From the line with "by exists (norm1 N u) => _ [i" to the line with "move=> iter_le uN", retype every line exactly, including those two, and leave out the rest of the data below.
━━ SUPPLIED RECORDS
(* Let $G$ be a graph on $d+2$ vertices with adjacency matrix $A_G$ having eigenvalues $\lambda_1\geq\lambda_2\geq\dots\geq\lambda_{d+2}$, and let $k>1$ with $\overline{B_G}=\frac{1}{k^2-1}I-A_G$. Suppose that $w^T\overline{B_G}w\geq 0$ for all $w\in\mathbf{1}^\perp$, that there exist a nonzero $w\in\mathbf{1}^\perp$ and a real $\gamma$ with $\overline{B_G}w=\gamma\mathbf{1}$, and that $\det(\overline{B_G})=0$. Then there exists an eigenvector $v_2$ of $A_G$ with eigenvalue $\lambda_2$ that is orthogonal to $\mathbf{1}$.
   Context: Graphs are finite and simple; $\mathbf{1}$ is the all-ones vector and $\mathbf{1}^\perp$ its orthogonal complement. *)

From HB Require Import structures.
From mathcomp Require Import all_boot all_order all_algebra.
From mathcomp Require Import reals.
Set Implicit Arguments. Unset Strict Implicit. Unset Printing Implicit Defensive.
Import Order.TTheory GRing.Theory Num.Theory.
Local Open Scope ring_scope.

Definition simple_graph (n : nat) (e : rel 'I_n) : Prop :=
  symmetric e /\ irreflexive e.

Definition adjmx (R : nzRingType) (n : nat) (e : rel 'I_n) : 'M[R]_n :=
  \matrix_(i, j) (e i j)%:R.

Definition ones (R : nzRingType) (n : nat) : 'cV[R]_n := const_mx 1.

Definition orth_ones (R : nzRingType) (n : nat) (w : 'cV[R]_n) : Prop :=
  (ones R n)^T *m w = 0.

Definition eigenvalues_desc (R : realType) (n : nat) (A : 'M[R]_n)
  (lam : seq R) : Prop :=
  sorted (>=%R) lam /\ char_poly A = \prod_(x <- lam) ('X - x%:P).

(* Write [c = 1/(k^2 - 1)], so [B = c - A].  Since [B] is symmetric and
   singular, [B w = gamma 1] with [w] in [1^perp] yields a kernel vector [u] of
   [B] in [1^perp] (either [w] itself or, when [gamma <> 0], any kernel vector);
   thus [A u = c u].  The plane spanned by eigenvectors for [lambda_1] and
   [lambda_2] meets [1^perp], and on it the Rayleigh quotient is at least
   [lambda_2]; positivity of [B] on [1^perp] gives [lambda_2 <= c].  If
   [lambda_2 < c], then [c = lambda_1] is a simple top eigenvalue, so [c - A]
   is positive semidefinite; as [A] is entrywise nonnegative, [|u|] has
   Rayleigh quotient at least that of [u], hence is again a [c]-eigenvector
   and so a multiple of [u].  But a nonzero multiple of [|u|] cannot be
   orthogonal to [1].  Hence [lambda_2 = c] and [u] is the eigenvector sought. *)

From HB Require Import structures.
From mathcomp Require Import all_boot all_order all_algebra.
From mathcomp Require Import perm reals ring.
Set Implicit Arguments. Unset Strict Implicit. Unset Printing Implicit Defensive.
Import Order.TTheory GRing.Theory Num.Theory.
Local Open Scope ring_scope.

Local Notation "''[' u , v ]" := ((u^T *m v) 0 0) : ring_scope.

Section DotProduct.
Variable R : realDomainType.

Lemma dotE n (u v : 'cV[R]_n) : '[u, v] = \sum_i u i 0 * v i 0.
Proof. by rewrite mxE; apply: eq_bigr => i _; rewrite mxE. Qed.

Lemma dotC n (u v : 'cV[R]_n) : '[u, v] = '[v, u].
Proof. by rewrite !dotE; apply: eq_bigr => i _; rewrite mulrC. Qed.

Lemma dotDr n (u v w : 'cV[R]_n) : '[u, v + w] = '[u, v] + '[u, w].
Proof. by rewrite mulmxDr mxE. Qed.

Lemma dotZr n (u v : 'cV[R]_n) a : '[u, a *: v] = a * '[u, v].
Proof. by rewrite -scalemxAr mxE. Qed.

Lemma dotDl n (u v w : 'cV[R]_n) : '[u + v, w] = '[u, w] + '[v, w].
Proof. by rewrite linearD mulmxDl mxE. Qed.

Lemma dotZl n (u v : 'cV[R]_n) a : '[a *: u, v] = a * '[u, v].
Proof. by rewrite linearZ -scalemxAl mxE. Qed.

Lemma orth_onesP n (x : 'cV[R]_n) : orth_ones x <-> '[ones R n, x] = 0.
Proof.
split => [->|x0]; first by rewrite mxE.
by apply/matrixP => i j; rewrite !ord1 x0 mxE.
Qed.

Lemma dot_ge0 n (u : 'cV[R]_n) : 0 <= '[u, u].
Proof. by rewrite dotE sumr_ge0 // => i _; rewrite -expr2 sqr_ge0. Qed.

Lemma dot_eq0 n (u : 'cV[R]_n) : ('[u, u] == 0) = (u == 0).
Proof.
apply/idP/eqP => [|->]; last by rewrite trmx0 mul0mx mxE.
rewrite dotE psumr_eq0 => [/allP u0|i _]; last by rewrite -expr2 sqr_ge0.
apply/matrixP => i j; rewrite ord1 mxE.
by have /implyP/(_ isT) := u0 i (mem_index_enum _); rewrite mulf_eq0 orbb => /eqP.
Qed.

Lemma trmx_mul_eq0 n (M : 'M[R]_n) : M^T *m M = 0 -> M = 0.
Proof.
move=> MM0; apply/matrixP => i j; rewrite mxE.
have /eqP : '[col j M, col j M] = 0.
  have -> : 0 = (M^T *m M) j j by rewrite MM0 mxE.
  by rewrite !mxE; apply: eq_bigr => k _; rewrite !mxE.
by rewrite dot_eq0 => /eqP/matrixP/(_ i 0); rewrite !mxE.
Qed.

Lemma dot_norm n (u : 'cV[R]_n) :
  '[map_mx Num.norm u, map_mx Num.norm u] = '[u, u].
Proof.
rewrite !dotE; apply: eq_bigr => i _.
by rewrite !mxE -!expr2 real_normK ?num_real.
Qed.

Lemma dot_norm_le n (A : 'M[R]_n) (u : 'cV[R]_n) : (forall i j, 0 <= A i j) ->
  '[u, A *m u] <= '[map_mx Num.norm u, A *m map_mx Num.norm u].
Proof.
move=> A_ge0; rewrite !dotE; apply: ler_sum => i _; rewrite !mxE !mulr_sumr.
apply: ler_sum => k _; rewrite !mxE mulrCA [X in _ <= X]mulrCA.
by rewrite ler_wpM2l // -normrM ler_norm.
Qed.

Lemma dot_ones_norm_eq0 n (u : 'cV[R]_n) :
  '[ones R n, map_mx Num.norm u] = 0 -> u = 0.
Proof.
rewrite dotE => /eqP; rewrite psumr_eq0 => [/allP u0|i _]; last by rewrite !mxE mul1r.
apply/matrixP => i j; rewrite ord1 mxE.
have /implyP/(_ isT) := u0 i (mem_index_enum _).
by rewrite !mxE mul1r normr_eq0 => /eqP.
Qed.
━━━━
━━ SUPPLIED RECORDS
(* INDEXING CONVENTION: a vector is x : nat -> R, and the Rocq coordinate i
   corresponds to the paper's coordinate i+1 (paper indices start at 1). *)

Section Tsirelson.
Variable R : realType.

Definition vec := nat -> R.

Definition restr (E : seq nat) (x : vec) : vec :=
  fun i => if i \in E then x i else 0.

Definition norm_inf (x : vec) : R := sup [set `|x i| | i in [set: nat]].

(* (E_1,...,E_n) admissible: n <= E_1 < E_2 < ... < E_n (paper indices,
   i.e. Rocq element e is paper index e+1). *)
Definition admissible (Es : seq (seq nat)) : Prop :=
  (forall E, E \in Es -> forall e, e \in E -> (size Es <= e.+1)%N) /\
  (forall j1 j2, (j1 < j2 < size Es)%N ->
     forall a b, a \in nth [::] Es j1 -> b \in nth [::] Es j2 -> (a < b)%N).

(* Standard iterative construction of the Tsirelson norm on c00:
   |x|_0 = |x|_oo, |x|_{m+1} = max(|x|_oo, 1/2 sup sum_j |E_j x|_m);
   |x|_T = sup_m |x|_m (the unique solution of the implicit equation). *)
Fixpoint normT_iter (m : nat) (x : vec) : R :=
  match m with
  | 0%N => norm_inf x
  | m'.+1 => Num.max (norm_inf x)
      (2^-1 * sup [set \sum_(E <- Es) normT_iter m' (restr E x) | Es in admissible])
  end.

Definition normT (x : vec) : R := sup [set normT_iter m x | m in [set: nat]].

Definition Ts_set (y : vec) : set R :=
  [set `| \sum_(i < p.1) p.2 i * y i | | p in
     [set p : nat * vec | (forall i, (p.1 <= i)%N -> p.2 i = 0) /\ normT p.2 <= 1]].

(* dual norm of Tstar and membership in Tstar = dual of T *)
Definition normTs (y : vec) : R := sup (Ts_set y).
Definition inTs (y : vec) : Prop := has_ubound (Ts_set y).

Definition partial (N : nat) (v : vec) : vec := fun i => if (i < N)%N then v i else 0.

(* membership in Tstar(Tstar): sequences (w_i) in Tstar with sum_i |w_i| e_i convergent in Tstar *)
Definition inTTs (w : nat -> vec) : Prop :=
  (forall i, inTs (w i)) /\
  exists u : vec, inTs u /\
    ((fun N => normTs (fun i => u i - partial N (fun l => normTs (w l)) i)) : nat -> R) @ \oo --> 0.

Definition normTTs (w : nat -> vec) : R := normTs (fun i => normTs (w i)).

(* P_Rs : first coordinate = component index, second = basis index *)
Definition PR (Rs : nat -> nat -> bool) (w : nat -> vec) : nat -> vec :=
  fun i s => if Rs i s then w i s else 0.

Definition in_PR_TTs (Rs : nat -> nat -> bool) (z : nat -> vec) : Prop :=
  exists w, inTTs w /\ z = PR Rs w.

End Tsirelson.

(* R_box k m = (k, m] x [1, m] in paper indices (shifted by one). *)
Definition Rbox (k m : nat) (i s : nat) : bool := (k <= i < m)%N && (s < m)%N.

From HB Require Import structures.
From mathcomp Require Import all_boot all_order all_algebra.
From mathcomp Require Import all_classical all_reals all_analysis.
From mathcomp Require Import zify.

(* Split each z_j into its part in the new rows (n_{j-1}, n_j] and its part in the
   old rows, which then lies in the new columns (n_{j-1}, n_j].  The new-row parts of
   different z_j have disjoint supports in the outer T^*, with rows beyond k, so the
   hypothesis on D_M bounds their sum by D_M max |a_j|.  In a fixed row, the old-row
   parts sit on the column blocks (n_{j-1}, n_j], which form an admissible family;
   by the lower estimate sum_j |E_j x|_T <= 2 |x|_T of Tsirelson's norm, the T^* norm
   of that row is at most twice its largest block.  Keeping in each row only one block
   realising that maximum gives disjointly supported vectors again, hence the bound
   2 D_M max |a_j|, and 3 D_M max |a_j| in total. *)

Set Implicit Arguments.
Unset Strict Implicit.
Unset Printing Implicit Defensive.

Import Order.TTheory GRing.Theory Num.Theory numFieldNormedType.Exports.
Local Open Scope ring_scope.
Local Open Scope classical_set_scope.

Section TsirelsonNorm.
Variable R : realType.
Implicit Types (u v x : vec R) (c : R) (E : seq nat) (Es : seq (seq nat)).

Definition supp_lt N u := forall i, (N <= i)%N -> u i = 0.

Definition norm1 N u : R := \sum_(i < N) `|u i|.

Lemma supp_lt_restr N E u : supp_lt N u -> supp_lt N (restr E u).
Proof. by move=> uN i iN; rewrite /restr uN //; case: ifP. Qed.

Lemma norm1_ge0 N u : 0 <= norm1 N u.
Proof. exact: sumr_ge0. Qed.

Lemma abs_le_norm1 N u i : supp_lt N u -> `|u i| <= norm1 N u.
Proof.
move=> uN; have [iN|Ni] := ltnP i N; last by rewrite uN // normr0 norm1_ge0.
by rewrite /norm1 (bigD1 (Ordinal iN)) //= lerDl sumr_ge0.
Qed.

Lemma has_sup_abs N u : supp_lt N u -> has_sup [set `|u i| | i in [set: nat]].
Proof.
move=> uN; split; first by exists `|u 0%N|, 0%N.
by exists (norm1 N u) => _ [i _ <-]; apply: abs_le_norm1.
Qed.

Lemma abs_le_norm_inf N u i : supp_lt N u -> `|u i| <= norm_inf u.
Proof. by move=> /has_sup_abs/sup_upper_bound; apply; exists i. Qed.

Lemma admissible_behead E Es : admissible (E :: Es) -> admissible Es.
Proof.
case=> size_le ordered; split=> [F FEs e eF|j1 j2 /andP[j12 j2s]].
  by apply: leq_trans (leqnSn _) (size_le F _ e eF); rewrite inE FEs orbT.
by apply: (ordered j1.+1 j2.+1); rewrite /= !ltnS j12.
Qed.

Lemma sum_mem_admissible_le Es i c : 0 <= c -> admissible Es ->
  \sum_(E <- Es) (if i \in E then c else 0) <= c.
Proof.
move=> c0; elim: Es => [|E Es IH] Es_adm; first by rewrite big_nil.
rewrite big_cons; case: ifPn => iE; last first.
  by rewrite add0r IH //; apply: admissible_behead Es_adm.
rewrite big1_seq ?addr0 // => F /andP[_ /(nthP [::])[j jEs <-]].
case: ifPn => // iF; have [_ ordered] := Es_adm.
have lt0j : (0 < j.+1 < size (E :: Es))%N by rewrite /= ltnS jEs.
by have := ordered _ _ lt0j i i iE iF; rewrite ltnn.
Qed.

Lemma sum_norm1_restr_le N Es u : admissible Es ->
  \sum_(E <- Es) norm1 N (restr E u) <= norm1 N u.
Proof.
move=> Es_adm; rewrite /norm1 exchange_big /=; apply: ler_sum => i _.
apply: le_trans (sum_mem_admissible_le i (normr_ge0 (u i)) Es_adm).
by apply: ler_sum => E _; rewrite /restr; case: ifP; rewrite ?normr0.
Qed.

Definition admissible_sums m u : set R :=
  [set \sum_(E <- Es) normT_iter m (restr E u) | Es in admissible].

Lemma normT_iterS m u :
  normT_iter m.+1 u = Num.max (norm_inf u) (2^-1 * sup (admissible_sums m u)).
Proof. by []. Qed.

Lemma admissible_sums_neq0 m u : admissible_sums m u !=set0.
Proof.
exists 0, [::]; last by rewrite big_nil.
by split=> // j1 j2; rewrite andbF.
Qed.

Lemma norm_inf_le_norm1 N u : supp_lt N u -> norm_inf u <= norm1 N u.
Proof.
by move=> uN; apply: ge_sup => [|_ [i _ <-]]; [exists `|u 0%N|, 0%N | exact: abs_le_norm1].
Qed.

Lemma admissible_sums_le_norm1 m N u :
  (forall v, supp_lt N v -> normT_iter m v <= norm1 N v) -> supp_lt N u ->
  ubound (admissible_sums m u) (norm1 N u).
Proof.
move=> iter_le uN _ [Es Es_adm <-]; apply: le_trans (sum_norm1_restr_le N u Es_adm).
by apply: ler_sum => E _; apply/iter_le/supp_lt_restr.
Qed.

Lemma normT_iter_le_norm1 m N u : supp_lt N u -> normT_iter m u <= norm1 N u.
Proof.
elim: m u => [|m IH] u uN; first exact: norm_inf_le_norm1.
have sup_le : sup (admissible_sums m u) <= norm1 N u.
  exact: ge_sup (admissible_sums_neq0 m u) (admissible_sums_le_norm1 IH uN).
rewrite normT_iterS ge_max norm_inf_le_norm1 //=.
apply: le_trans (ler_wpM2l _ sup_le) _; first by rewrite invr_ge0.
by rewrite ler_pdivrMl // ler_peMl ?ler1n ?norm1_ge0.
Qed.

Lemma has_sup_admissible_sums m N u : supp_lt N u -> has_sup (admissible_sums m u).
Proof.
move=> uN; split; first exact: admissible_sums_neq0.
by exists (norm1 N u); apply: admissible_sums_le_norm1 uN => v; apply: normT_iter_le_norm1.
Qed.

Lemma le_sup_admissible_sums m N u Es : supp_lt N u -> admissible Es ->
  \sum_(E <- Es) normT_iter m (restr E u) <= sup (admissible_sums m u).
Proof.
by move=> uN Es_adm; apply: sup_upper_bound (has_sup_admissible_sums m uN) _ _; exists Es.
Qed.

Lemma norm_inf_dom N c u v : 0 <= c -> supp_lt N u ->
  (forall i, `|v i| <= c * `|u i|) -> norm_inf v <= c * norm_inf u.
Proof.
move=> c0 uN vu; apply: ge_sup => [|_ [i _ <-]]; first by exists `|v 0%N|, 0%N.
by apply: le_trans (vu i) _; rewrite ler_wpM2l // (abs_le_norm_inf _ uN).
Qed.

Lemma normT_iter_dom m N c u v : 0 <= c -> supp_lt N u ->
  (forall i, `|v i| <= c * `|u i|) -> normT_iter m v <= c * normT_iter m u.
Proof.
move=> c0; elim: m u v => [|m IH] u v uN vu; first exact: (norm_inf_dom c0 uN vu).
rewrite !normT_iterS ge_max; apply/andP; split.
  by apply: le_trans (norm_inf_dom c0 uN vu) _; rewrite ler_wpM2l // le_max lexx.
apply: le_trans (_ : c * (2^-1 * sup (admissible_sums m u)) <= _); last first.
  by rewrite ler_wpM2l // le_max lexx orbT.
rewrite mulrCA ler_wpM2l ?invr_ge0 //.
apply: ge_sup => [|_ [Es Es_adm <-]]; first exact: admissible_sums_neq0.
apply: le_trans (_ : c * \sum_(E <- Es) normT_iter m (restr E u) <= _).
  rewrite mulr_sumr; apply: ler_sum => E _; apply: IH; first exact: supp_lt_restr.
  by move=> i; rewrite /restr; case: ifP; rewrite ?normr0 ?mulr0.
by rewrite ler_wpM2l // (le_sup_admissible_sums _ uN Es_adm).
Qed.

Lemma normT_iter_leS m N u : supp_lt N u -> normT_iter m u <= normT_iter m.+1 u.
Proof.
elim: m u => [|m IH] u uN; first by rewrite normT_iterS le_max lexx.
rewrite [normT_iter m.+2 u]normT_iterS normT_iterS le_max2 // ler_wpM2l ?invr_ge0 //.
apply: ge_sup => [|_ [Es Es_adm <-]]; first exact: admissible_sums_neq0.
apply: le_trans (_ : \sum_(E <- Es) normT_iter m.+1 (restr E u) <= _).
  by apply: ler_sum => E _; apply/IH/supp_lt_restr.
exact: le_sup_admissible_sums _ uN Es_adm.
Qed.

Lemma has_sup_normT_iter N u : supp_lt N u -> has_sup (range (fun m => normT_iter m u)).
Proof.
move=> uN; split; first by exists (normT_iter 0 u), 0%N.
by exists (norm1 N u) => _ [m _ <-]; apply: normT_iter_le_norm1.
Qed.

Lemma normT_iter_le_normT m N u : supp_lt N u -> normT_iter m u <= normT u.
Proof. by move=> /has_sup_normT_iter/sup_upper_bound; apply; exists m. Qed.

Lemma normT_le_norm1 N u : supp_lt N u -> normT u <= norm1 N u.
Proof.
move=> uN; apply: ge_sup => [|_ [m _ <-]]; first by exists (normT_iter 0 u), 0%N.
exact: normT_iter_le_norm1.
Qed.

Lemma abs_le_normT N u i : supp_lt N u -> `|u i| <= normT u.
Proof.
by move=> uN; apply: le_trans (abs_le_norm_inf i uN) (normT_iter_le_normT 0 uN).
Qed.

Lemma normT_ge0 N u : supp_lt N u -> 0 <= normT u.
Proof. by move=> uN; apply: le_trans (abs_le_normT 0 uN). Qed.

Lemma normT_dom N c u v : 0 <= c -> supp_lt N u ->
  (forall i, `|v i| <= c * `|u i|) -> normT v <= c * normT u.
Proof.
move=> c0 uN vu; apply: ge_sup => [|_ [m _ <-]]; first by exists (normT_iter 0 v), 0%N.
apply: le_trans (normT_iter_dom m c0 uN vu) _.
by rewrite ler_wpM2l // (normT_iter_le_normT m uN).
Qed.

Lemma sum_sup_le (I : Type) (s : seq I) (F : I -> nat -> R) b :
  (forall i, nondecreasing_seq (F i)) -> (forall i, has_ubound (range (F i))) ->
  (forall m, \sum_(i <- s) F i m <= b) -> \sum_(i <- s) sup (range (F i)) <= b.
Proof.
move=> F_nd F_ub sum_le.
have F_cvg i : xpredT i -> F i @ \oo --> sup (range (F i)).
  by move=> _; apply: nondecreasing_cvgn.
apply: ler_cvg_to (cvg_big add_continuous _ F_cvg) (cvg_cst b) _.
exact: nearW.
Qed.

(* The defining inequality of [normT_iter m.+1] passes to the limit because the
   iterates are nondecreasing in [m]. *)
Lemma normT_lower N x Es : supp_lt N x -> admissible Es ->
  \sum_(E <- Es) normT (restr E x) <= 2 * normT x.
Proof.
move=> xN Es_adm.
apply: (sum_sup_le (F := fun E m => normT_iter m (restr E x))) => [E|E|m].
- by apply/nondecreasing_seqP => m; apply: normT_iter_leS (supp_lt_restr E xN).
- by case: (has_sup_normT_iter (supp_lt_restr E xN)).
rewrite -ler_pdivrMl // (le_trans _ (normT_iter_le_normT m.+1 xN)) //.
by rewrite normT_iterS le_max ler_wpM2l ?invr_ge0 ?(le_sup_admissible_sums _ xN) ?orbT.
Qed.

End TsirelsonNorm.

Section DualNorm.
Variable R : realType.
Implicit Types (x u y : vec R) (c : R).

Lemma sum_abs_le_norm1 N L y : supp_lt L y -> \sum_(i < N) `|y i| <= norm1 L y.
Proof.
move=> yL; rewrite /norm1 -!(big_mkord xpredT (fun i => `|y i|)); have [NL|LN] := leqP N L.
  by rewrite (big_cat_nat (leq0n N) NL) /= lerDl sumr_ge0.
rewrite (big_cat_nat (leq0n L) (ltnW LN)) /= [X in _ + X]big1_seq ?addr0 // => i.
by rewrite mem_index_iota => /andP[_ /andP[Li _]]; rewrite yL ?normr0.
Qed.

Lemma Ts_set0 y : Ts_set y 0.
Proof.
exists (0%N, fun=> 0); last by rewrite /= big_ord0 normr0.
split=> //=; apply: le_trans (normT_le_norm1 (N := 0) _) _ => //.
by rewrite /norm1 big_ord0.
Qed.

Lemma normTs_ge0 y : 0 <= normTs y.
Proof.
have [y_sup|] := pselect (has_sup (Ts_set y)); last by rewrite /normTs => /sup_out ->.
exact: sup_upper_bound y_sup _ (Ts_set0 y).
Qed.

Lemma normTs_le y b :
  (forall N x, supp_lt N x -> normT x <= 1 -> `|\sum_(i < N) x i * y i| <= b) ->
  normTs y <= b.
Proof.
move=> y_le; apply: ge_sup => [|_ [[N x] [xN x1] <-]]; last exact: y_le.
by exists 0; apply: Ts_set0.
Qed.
━━━━
### SOLVED EXERCISE
by exists (norm1 N u) => _ [i _ <-]; apply: abs_le_norm1.
Qed.

Lemma abs_le_norm_inf N u i : supp_lt N u -> `|u i| <= norm_inf u.
Proof. by move=> /has_sup_abs/sup_upper_bound; apply; exists i. Qed.

Lemma admissible_behead E Es : admissible (E :: Es) -> admissible Es.
Proof.
case=> size_le ordered; split=> [F FEs e eF|j1 j2 /andP[j12 j2s]].
  by apply: leq_trans (leqnSn _) (size_le F _ e eF); rewrite inE FEs orbT.
by apply: (ordered j1.+1 j2.+1); rewrite /= !ltnS j12.
Qed.

Lemma sum_mem_admissible_le Es i c : 0 <= c -> admissible Es ->
  \sum_(E <- Es) (if i \in E then c else 0) <= c.
Proof.
move=> c0; elim: Es => [|E Es IH] Es_adm; first by rewrite big_nil.
rewrite big_cons; case: ifPn => iE; last first.
  by rewrite add0r IH //; apply: admissible_behead Es_adm.
rewrite big1_seq ?addr0 // => F /andP[_ /(nthP [::])[j jEs <-]].
case: ifPn => // iF; have [_ ordered] := Es_adm.
have lt0j : (0 < j.+1 < size (E :: Es))%N by rewrite /= ltnS jEs.
by have := ordered _ _ lt0j i i iE iF; rewrite ltnn.
Qed.

Lemma sum_norm1_restr_le N Es u : admissible Es ->
  \sum_(E <- Es) norm1 N (restr E u) <= norm1 N u.
Proof.
move=> Es_adm; rewrite /norm1 exchange_big /=; apply: ler_sum => i _.
apply: le_trans (sum_mem_admissible_le i (normr_ge0 (u i)) Es_adm).
by apply: ler_sum => E _; rewrite /restr; case: ifP; rewrite ?normr0.
Qed.

Definition admissible_sums m u : set R :=
  [set \sum_(E <- Es) normT_iter m (restr E u) | Es in admissible].

Lemma normT_iterS m u :
  normT_iter m.+1 u = Num.max (norm_inf u) (2^-1 * sup (admissible_sums m u)).
Proof. by []. Qed.

Lemma admissible_sums_neq0 m u : admissible_sums m u !=set0.
Proof.
exists 0, [::]; last by rewrite big_nil.
by split=> // j1 j2; rewrite andbF.
Qed.

Lemma norm_inf_le_norm1 N u : supp_lt N u -> norm_inf u <= norm1 N u.
Proof.
by move=> uN; apply: ge_sup => [|_ [i _ <-]]; [exists `|u 0%N|, 0%N | exact: abs_le_norm1].
Qed.

Lemma admissible_sums_le_norm1 m N u :
  (forall v, supp_lt N v -> normT_iter m v <= norm1 N v) -> supp_lt N u ->
  ubound (admissible_sums m u) (norm1 N u).
Proof.
move=> iter_le uN _ [Es Es_adm <-]; apply: le_trans (sum_norm1_restr_le N u Es_adm).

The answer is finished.